На другой день Загс мне говорил, потирая свои желтые потные руки:
— Зарезал сегодня романчик. Произведение гениальное! Не уступит графу Толстому. Никак не думал, что у нас еще водятся гении после двадцатилетней очистительной работы. Ну и чудак мировой! Забыл, где живет. Вместо того, чтобы писать инсценированный доклад о посевной компании, размахнулся на «Войну и мир». Видали такого осла?
Я не выдержал и спросил:
— Загс, у вас болят зубы?
— Нет…
— А то я мог бы сбегать в аптеку за каплями.
Розалия шумно вздохнула. Грудь ее поднялась.
— Я думаю, — сказала она, — он сам сходит. Да, пожалуйста, Моська, сходи. И раньше чем через три часа не возвращайся.
Загс стоял еще на пороге, когда Розалия начала расстёгивать платье.
С чего-то я начал вести воображаемые разговоры с разными лицами, особенно, с Апостоловым. Может быть потому, что в действительности мне с ним говорить не придется. Но поймите, мне же необходимо с ним сразиться, хотя бы для истории. Ведь ясно, что, в конце концов, командовать парадом буду я.
— Так вот, Илья Варсонофьевич, вы утверждаете, что владыкой мира будет труд?
— А кто же еще?
— А нельзя ли вовсе без владыки?
— То есть как это?
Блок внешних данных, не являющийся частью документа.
(* Let $(X,x)$ be a pointed diffeological space. Assume that there exists a local generating set $G$ of $X$ at $x$ with the property that for any $q:U\to X$ in $G$, if $f:V\to U$ is a smooth map from an open subset $V$ of some $\mathbb{R}^n$ such that $q\circ f$ is the constant map at $x$, then $f$ is locally constant. Then $T_x^{dvs}(X)$ is a fine diffeological vector space.
   Context: A diffeological space is a set with, for every open subset $U$ of every $\mathbb{R}^n$, a set of maps $U\to X$ called plots, containing constants, closed under precomposition with smooth maps, and satisfying the sheaf condition; smooth maps send plots to plots. Let $\mathcal{G}(X,x)$ be the category whose objects are plots $p:U\to X$ with $U$ a connected open neighbourhood of $0$ in some $\mathbb{R}^n$ and $p(0)=x$, with morphisms $p\to q$ ($q:V\to X$) the germs at $0$ of smooth maps $f$ from an open neighbourhood $W$ of $0$ in $U$ to $V$ with $f(0)=0$ and $p|_W=q\circ f$. A local generating set of $X$ at $x$ is a set $G$ of objects of $\mathcal{G}(X,x)$ such that every object admits a morphism to some element of $G$. The internal tangent space $T_x(X)$ is the colimit in real vector spaces of $p\mapsto T_0(U)$, $[f]\mapsto f_*$ over $\mathcal{G}(X,x)$; $TX=\coprod_xT_x(X)$. For a plot $f:U\to X$ with $U$ connected, $Tf:TU\to TX$ sends $T_u(U)$ into $T_{f(u)}(X)$ via $T_u(U)\cong T_0(U-u)\to T_{f(u)}(X)$ induced by $w\mapsto f(w+u)$. Hector's diffeology on $TX$ is generated by all such $Tf$. A diffeological vector space over $X$ is a smooth map $V\to X$ with vector space structures on fibres such that fibrewise addition, scalar multiplication and zero section are smooth. The dvs diffeology is the smallest diffeology on $TX$ containing Hector's diffeology making $TX\to X$ a diffeological vector space over $X$, and $T_x^{dvs}(X)$ is $T_x(X)$ with the sub-diffeology. A diffeological vector space is a vector space with a diffeology making addition and scalar multiplication smooth; the fine diffeology on a vector space is the smallest such diffeology, and a diffeological vector space is fine if it has this diffeology. *)

From mathcomp Require Import all_boot all_algebra all_classical all_reals all_analysis.
Import numFieldNormedType.Exports.
Import GRing.Theory.
Set Implicit Arguments. Unset Strict Implicit. Unset Printing Implicit Defensive.
Local Open Scope classical_set_scope.
Local Open Scope ring_scope.

Fixpoint iderive (R : realType) (m : nat) (W : normedModType R)
    (vs : seq 'rV[R]_m) (f : 'rV[R]_m -> W) : 'rV[R]_m -> W :=
  match vs with
  | [::] => f
  | v :: vs' => fun x => derive (iderive vs' f) x v
  end.

Definition smooth_on (R : realType) (m : nat) (W : normedModType R)
    (V : set 'rV[R]_m) (f : 'rV[R]_m -> W) : Prop :=
  forall (vs : seq 'rV[R]_m) (x : 'rV[R]_m), V x -> differentiable (iderive vs f) x.

(* A (pre)diffeology on X: for every n and every subset U of R^n, a predicate
   on parametrizations U -> X (represented as total maps, only values on U matter). *)
Definition pdiff (R : realType) (X : Type) :=
  forall n : nat, set 'rV[R]_n -> ('rV[R]_n -> X) -> Prop.

Definition is_diffeology (R : realType) (X : Type) (D : pdiff R X) : Prop :=
  (forall n U p, D n U p -> open U) /\
  (forall n U (p q : 'rV[R]_n -> X), D n U p -> {in U, p =1 q} -> D n U q) /\
  (forall n (U : set 'rV[R]_n) (c : X), open U -> D n U (fun _ => c)) /\
  (forall n m (U : set 'rV[R]_n) (V : set 'rV[R]_m) p (f : 'rV[R]_m -> 'rV[R]_n),
      D n U p -> open V -> smooth_on V f -> f @` V `<=` U -> D m V (p \o f)) /\
  (forall n (U : set 'rV[R]_n) p, open U ->
      (forall u, U u -> exists W : set 'rV[R]_n, [/\ open W, W u, W `<=` U & D n W p]) ->
      D n U p).

Record gobj (R : realType) (X : Type) := GObj {
  gdim : nat;
  gdom : set 'rV[R]_gdim;
  gmap : 'rV[R]_gdim -> X }.
Arguments gdim {R X} g.
Arguments gdom {R X} g.
Arguments gmap {R X} g.

Definition is_gobj (R : realType) (X : Type) (D : pdiff R X) (x : X) (o : gobj R X) :=
  [/\ open (gdom o), connected (gdom o), gdom o 0, D _ (gdom o) (gmap o) & gmap o 0 = x].

(* f (defined on the open neighbourhood W of 0 in U) represents a morphism p -> q *)
Definition is_ghom (R : realType) (X : Type) (p q : gobj R X)
    (W : set 'rV[R]_(gdim p)) (f : 'rV[R]_(gdim p) -> 'rV[R]_(gdim q)) :=
  open W /\ W 0 /\ W `<=` gdom p /\ smooth_on W f /\
  f 0 = 0 /\ f @` W `<=` gdom q /\ (forall w, W w -> gmap p w = gmap q (f w)).
Arguments is_ghom {R X} p q W f.

Definition is_linear_map (R : realType) (U V : lmodType R) (h : U -> V) :=
  forall (a : R) (u v : U), h (a *: u + v) = a *: h u + h v.

(* kappa is a cocone (in real vector spaces) over the functor
   p |-> T_0(U) = R^n, [f] |-> f_* = Df(0) *)
Definition is_gcocone (R : realType) (X : Type) (D : pdiff R X) (x : X)
    (V : lmodType R) (kappa : forall o : gobj R X, 'rV[R]_(gdim o) -> V) :=
  (forall o, is_gobj D x o -> is_linear_map (kappa o)) /\
  (forall p q W f, is_gobj D x p -> is_gobj D x q -> is_ghom p q W f ->
     forall v, kappa q ('D_v f 0) = kappa p v).

Definition is_internal_tangent (R : realType) (X : Type) (D : pdiff R X) (x : X)
    (V : lmodType R) (iota : forall o : gobj R X, 'rV[R]_(gdim o) -> V) :=
  is_gcocone D x iota /\
  forall (W : lmodType R) (kappa : forall o : gobj R X, 'rV[R]_(gdim o) -> W),
    is_gcocone D x kappa ->
    (exists h : V -> W, is_linear_map h /\
        forall o, is_gobj D x o -> forall v, h (iota o v) = kappa o v) /\
    (forall h1 h2 : V -> W, is_linear_map h1 -> is_linear_map h2 ->
        (forall o, is_gobj D x o -> forall v, h1 (iota o v) = kappa o v) ->
        (forall o, is_gobj D x o -> forall v, h2 (iota o v) = kappa o v) ->
        h1 =1 h2).

Definition tbundle (R : realType) (X : Type) (T : X -> lmodType R) := {y : X & T y}.

(* fibrewise addition (only meaningful on the fibred product TX x_X TX) *)
Definition tadd (R : realType) (X : Type) (T : X -> lmodType R)
    (s t : tbundle T) : tbundle T :=
  match pselect (projT1 t = projT1 s) with
  | left e => existT T (projT1 s) (projT2 s + eq_rect _ T (projT2 t) _ e)
  | right _ => s
  end.

Definition tscale (R : realType) (X : Type) (T : X -> lmodType R)
    (r : R) (s : tbundle T) : tbundle T :=
  existT T (projT1 s) (r *: projT2 s).

Definition shift_obj (R : realType) (X : Type) (n : nat)
    (U : set 'rV[R]_n) (f : 'rV[R]_n -> X) (u : 'rV[R]_n) : gobj R X :=
  @GObj R X n [set w | U (w + u)] (fun w => f (w + u)).

Definition tmap (R : realType) (X : Type) (T : X -> lmodType R)
    (iota : forall y : X, forall o : gobj R X, 'rV[R]_(gdim o) -> T y)
    (n : nat) (U : set 'rV[R]_n) (f : 'rV[R]_n -> X)
    (u v : 'rV[R]_n) : tbundle T :=
  existT T (f u) (iota (f u) (shift_obj U f u) v).

(* E contains Hector's diffeology, i.e. every Tf (f a plot on a connected U)
   is smooth from TU (with its standard diffeology) to (TX, E) *)
Definition contains_hector (R : realType) (X : Type) (D : pdiff R X)
    (T : X -> lmodType R)
    (iota : forall y : X, forall o : gobj R X, 'rV[R]_(gdim o) -> T y)
    (E : pdiff R (tbundle T)) : Prop :=
  forall n (U : set 'rV[R]_n) (f : 'rV[R]_n -> X),
    open U -> connected U -> D n U f ->
    forall k (V : set 'rV[R]_k) (a b : 'rV[R]_k -> 'rV[R]_n),
      open V -> smooth_on V a -> smooth_on V b -> a @` V `<=` U ->
      E k V (fun w => tmap iota U f (a w) (b w)).

Definition is_dvs_over (R : realType) (X : Type) (D : pdiff R X)
    (T : X -> lmodType R) (E : pdiff R (tbundle T)) : Prop :=
  [/\ is_diffeology E,
      (forall n U P, E n U P -> D n U (fun u => projT1 (P u))),
      (* fibrewise addition smooth on TX x_X TX (subset of product diffeology) *)
      (forall n U P1 P2, E n U P1 -> E n U P2 ->
          (forall u, U u -> projT1 (P1 u) = projT1 (P2 u)) ->
          E n U (fun u => tadd (P1 u) (P2 u))),
      (forall n U (r : 'rV[R]_n -> R) P, smooth_on U r -> E n U P ->
          E n U (fun u => tscale (r u) (P u))) &
      (forall n U p, D n U p -> E n U (fun u => existT T (p u) 0))].

Definition dvs_plot (R : realType) (X : Type) (D : pdiff R X)
    (T : X -> lmodType R)
    (iota : forall y : X, forall o : gobj R X, 'rV[R]_(gdim o) -> T y) :
    pdiff R (tbundle T) :=
  fun n U P => forall E : pdiff R (tbundle T),
    is_dvs_over D E -> contains_hector D iota E -> E n U P.

(* T_x^dvs(X): the fibre T_x(X) with the subset diffeology *)
Definition tdvs_plot (R : realType) (X : Type) (D : pdiff R X)
    (T : X -> lmodType R)
    (iota : forall y : X, forall o : gobj R X, 'rV[R]_(gdim o) -> T y)
    (x : X) : pdiff R (T x) :=
  fun n U Q => dvs_plot D iota U (fun u => existT T x (Q u)).

Definition is_vs_diffeology (R : realType) (V : lmodType R) (E : pdiff R V) : Prop :=
  [/\ is_diffeology E,
      (forall n U (P1 P2 : 'rV[R]_n -> V), E n U P1 -> E n U P2 ->
          E n U (fun u => P1 u + P2 u)) &
      (forall n U (r : 'rV[R]_n -> R) (P : 'rV[R]_n -> V), smooth_on U r -> E n U P ->
          E n U (fun u => r u *: P u))].

Definition fine_plot (R : realType) (V : lmodType R) : pdiff R V :=
  fun n U Q => forall E : pdiff R V, is_vs_diffeology E -> E n U Q.

Definition is_fine (R : realType) (V : lmodType R) (E : pdiff R V) : Prop :=
  forall n U Q, E n U Q <-> @fine_plot R V n U Q.

Definition is_local_generating_set (R : realType) (X : Type) (D : pdiff R X) (x : X)
    (G : set (gobj R X)) : Prop :=
  (forall q, G q -> is_gobj D x q) /\
  (forall p, is_gobj D x p -> exists q, exists W f, G q /\ is_ghom p q W f).

Definition locally_constant_on (R : realType) (m : nat) (A : Type)
    (V : set 'rV[R]_m) (f : 'rV[R]_m -> A) : Prop :=
  forall v, V v -> exists W : set 'rV[R]_m,
    [/\ open W, W v, W `<=` V & forall w, W w -> f w = f v].

(* Let E be the diffeology on TX whose plots P have open domain, a plot of X as projection,
   and are fibrewise fine: whenever P o g lands in the fibre over x for a smooth g, the
   T_x(X)-component of P o g is a plot of the fine diffeology. E makes TX -> X a
   diffeological vector space over X and contains Hector's diffeology, hence contains the
   dvs diffeology, so every plot of T_x^dvs(X) is fine. Conversely T_x^dvs(X) is a
   diffeological vector space, so it contains the fine diffeology.
   To see that Tf(a, b) is a plot of E, fix w0 and a morphism h from the germ of f at a(w0)
   to some q in G. For w near w0 with f(a w) = x, q o h o (a - a(w0)) is constant at x, so
   h o (a - a(w0)) is locally constant, hence 0, and u |-> h(u + a w - a w0) is a morphism
   from the germ of f at a(w) to q. The cocone property then writes Tf(a w, b w) as
   iota_q (Dh(a w - a w0)(b w)), a combination of the fixed vectors iota_q(e_i) with
   smooth coefficients. *)

From HB Require Import structures.
From mathcomp Require Import all_boot all_order all_algebra all_classical all_reals all_analysis.
Import numFieldNormedType.Exports.
Import Order.TTheory GRing.Theory Num.Theory.
Local Open Scope classical_set_scope.
Local Open Scope ring_scope.

Section Smooth.
Context {R : realType}.

Lemma near0_differentiable (V W : normedModType R) (h : V -> W) (x : V) :
  (\forall y \near x, h y = 0) -> differentiable h x.
Proof.
move=> h0; have hx0 : h x = 0 by exact: nbhs_singleton h0.
have h_shift : h \o shift x = cst (h x) + \0 +o_ 0 id.
  apply/eqaddoP => e e0.
  have : \forall y \near (0 : V), h (y + x) = 0.
    by rewrite (near_shift x) /=; apply: filterS h0 => z hz /=; rewrite add0r subrK.
  apply: filterS => y /= hy; rewrite !fctE hy hx0 addr0 subr0 normr0.
  by rewrite mulr_ge0 // ltW.
have dh0 : 'd h x = (\0 : {linear V -> W}) :> (V -> W).
  by apply: diff_unique => //; exact: cst_continuous.
by apply/diff_locallyP; rewrite dh0; split => //; exact: cst_continuous.
Qed.

Lemma near_eq_differentiable (V W : normedModType R) (f g : V -> W) (x : V) :
  (\forall y \near x, f y = g y) -> differentiable f x -> differentiable g x.
Proof.
move=> fg df; have -> : g = f + (g - f) by apply/funext => y; rewrite !fctE addrC subrK.
apply: differentiableD => //; apply: near0_differentiable.
by apply: filterS fg => y fgy; rewrite !fctE fgy subrr.
Qed.

Lemma open_near_eq {m} {A : Type} (V : set 'rV[R]_m) (f g : 'rV[R]_m -> A) x :
  open V -> (forall y, V y -> f y = g y) -> V x -> \forall y \near x, f y = g y.
Proof. by move=> oV fg Vx; apply: filterS fg _; exact: open_nbhs_nbhs. Qed.

Definition Dv {m} {W : normedModType R} (v : 'rV[R]_m) (f : 'rV[R]_m -> W) :=
  fun y => 'D_v f y.

(* [smooth_on V f] is [Ck k V f] for every [k] (smooth_onP); the graded form lets the
   closure properties of smooth maps be proved by induction on [k]. *)
Fixpoint Ck {m} {W : normedModType R} (k : nat) (V : set 'rV[R]_m)
    (f : 'rV[R]_m -> W) : Prop :=
  match k with
  | 0 => forall x, V x -> differentiable f x
  | k'.+1 => (forall x, V x -> differentiable f x) /\ forall v, Ck k' V (Dv v f)
  end.

Section Ck.
Context {m : nat}.
Implicit Types (V : set 'rV[R]_m).

Lemma iderive_rcons {W : normedModType R} vs v (f : 'rV[R]_m -> W) :
  iderive (rcons vs v) f = iderive vs (Dv v f).
Proof. by elim: vs => //= w vs ->. Qed.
Анархия вам нужна?
— Ничего подобного. Вы просто не можете себе представить мир свободным. Обязательно кто-то должен властвовать.
— А как же иначе?
— Подумайте о будущем. Через сто лет уже всё будут делать машины. Не только работать, но и управлять, контролировать, решать, судить, переводить, — всё, что угодно. Людям останется только одно — воображать и размножаться. Но назвать это трудом никак нельзя. А когда людям делать нечего, да еще отсутствует забота о завтрашнем дне, — это может повести к всемирному озорству.
— Вы пытаетесь оклеветать коммунизм по рецепту ревизионистов.
— Нет, я не клевещу. Это просто то, что будет. Кстати, тогда ведь и партий никаких не будет. Интересно, Илья Варсонофьевич, как же коммунисты тогда будут осуществлять свою авангардную роль?
— Авангардную роль всегда можно осуществлять, если ты способен. Притом — самокритика. Не все будут на высоте.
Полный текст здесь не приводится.